- Prolisky Map of Ukraine with Prolisky highlighted Prolisky Prolisky (Ukraine)
- Coordinates: 50°23′36″N 30°47′18″E﻿ / ﻿50.39333°N 30.78833°E
- Country: Ukraine
- Oblast: Kyiv Oblast
- Raion: Boryspil Raion
- Hromada: Prystolychchia rural hromada

Government
- • Mayor: Mykola Shmayun

Area
- • Total: 3,493 km^{2} (1,349 sq mi)
- Elevation: 130 m (430 ft)

Population (21 October 2011)
- • Total: 6,700 (local council area)
- • Density: 3,622/km^{2} (9,380/sq mi)
- Time zone: UTC+2 (EET)
- • Summer (DST): UTC+3 (EEST)
- Postal code: 08322
- Area code: +380 44
- License plate: AI / 10

= Prolisky =

Rural locality in Kyiv Oblast, Ukraine

Prolisky (Проліски) is a settlement on the eastern edge of the city of Kyiv, in Boryspil Raion, Kyiv Oblast of Ukraine.
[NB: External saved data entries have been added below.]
Lemma dist_profile_tail (u : nat -> X) (phi : X -> R) :
  dist_profile u phi ->
  forall eps, 0 < eps -> exists N, forall n, (N <= n)%nat -> phi (u n) <= eps.
Proof.
move=> [cu u_phi] eps eps_gt0; have [N HN] := cu eps eps_gt0.
exists N => n n_ge; apply: Un_cv_le_eventually (u_phi (u n)) (Un_cv_const eps) _.
by exists N => k k_ge; apply/Rlt_le/HN.
Qed.

Lemma dist_profile_asymptotic (u v : nat -> X) (phi : X -> R) :
  dist_profile u phi -> dist_profile v phi -> Un_cv (fun k => d (u k) (v k)) 0.
Proof.
case: (hd) => dpos [_ [dsym dtri]] u_phi [_ v_phi] eps eps_gt0.
have [N1 HN1] := dist_profile_tail _ _ u_phi (eps / 3) ltac:(lra).
have [N2 HN2] := (proj1 u_phi) (eps / 3) ltac:(lra).
pose M := max N1 N2.
have [N3 HN3] := v_phi (u M) (eps / 3) ltac:(lra).
exists (max M N3) => k k_ge; rewrite /R_dist Rminus_0_r Rabs_pos_eq //.
have := dtri (u k) (u M) (v k); rewrite (dsym (u M) (v k)).
have := HN1 M ltac:(lia); have := HN2 k M ltac:(lia) ltac:(lia).
have /Rabs_def2 := HN3 k ltac:(lia); lra.
Qed.

Definition completion_dist (p q : completion_pt) : R :=
  Rlim (fun k => d (pt_seq p k) (pt_seq q k)).

Lemma completion_dist_lim (p q : completion_pt) (u v : nat -> X) :
  dist_profile u (proj1_sig p) -> dist_profile v (proj1_sig q) ->
  Un_cv (fun k => d (u k) (v k)) (completion_dist p q).
Proof.
move=> up vq; have [pp qq] := (pt_seqP p, pt_seqP q).
apply: (Un_cv_squeeze (fun k => d (pt_seq p k) (pt_seq q k)) _
         (fun k => d (u k) (pt_seq p k) + d (v k) (pt_seq q k))).
- exact: Rlim_spec (cauchy_dist_crit _ _ (proj1 pp) (proj1 qq)).
- rewrite -(Rplus_0_r 0); apply: CV_plus.
  + exact: dist_profile_asymptotic up pp.
  + exact: dist_profile_asymptotic vq qq.
- by move=> k; apply: dist_diff_le.
Qed.

Lemma completion_dist_pt_seq (p q : completion_pt) :
  Un_cv (fun k => d (pt_seq p k) (pt_seq q k)) (completion_dist p q).
Proof. exact: completion_dist_lim (pt_seqP p) (pt_seqP q). Qed.

Lemma dist_profile_const (x : X) : dist_profile (fun=> x) (d x).
Proof.
split=> [|y]; last exact: Un_cv_const.
exact: converges_cauchy d hd _ _ (converges_const d hd x).
Qed.

Definition completion_emb (x : X) : completion_pt :=
  exist _ (d x) (ex_intro (dist_profile^~ (d x)) _ (dist_profile_const x)).

Lemma completion_dist_emb_r (p : completion_pt) (x : X) :
  completion_dist p (completion_emb x) = proj1_sig p x.
Proof.
have := completion_dist_lim p (completion_emb x) _ _ (pt_seqP p) (dist_profile_const x).
by move/UL_sequence; apply; apply: (proj2 (pt_seqP p)).
Qed.

Lemma completion_dist_emb (x y : X) :
  completion_dist (completion_emb x) (completion_emb y) = d x y.
Proof. by rewrite completion_dist_emb_r. Qed.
It belongs to Prystolychchia rural hromada, one of the hromadas of Ukraine.

The name of the village is derived from the Ukrainian word "Пролісок", which can be translated as "snowdrop" or "Galanthus".

==Local government==
The local council is located in Shchaslyve, a neighboring village located on the opposite side of the Boryspil Highway, which connects Kyiv and the Boryspil International Airport and is part of Highway M-03, Kyiv-Kharkiv. Several big projects have been planned in the area because of the UEFA Euro 2012, including the construction of the new Business Park "Prolisky" and the Boryspil Plaza. The area is home to the Ukrainian soccer club FC Knyazha Shchaslyve. The new Master Plan of the development of the local council area projects the growth of the population in Prolisky-Schalyve to 14,200 people.

==Economy==
The Boryspil Autoplant Closed Joint Stock Company, the PrivatLeasing Company (PrivatBank), a branch of the Joint Stock Bank "Pivdennyj", and АМАКО (American Machinery Company) are located in Prolisky. The village main employers include also the Open Joint Stock Company Dnipronaftoprodukt, several customs business companies, and a hypermarket Fozzy.

==Education==

The Institute of Animal Breeding and Genetics of the Ukrainian National Academy of Agricultural Sciences is located in the nearby village Chubynske.

==Culture==

Recreational areas in Prolisky include a pine forest mixed with birch groves. A riding center and the 10 hectares landscape reserve with oak grove are located in Chubynske.

The recently built Ukrainian Orthodox Church of All Saints, Kyiv Patriarchate, is located in Prolisky (see History of Christianity in Ukraine).

==Transportation==

The Heorhiy Kirpa train station in the Darnytsia rayon of Kyiv is located 1.5 km from the village. Boryspilska is the closest subway station on the Syretsko–Pecherska line of the Kyiv Metro, reachable by marshrutka.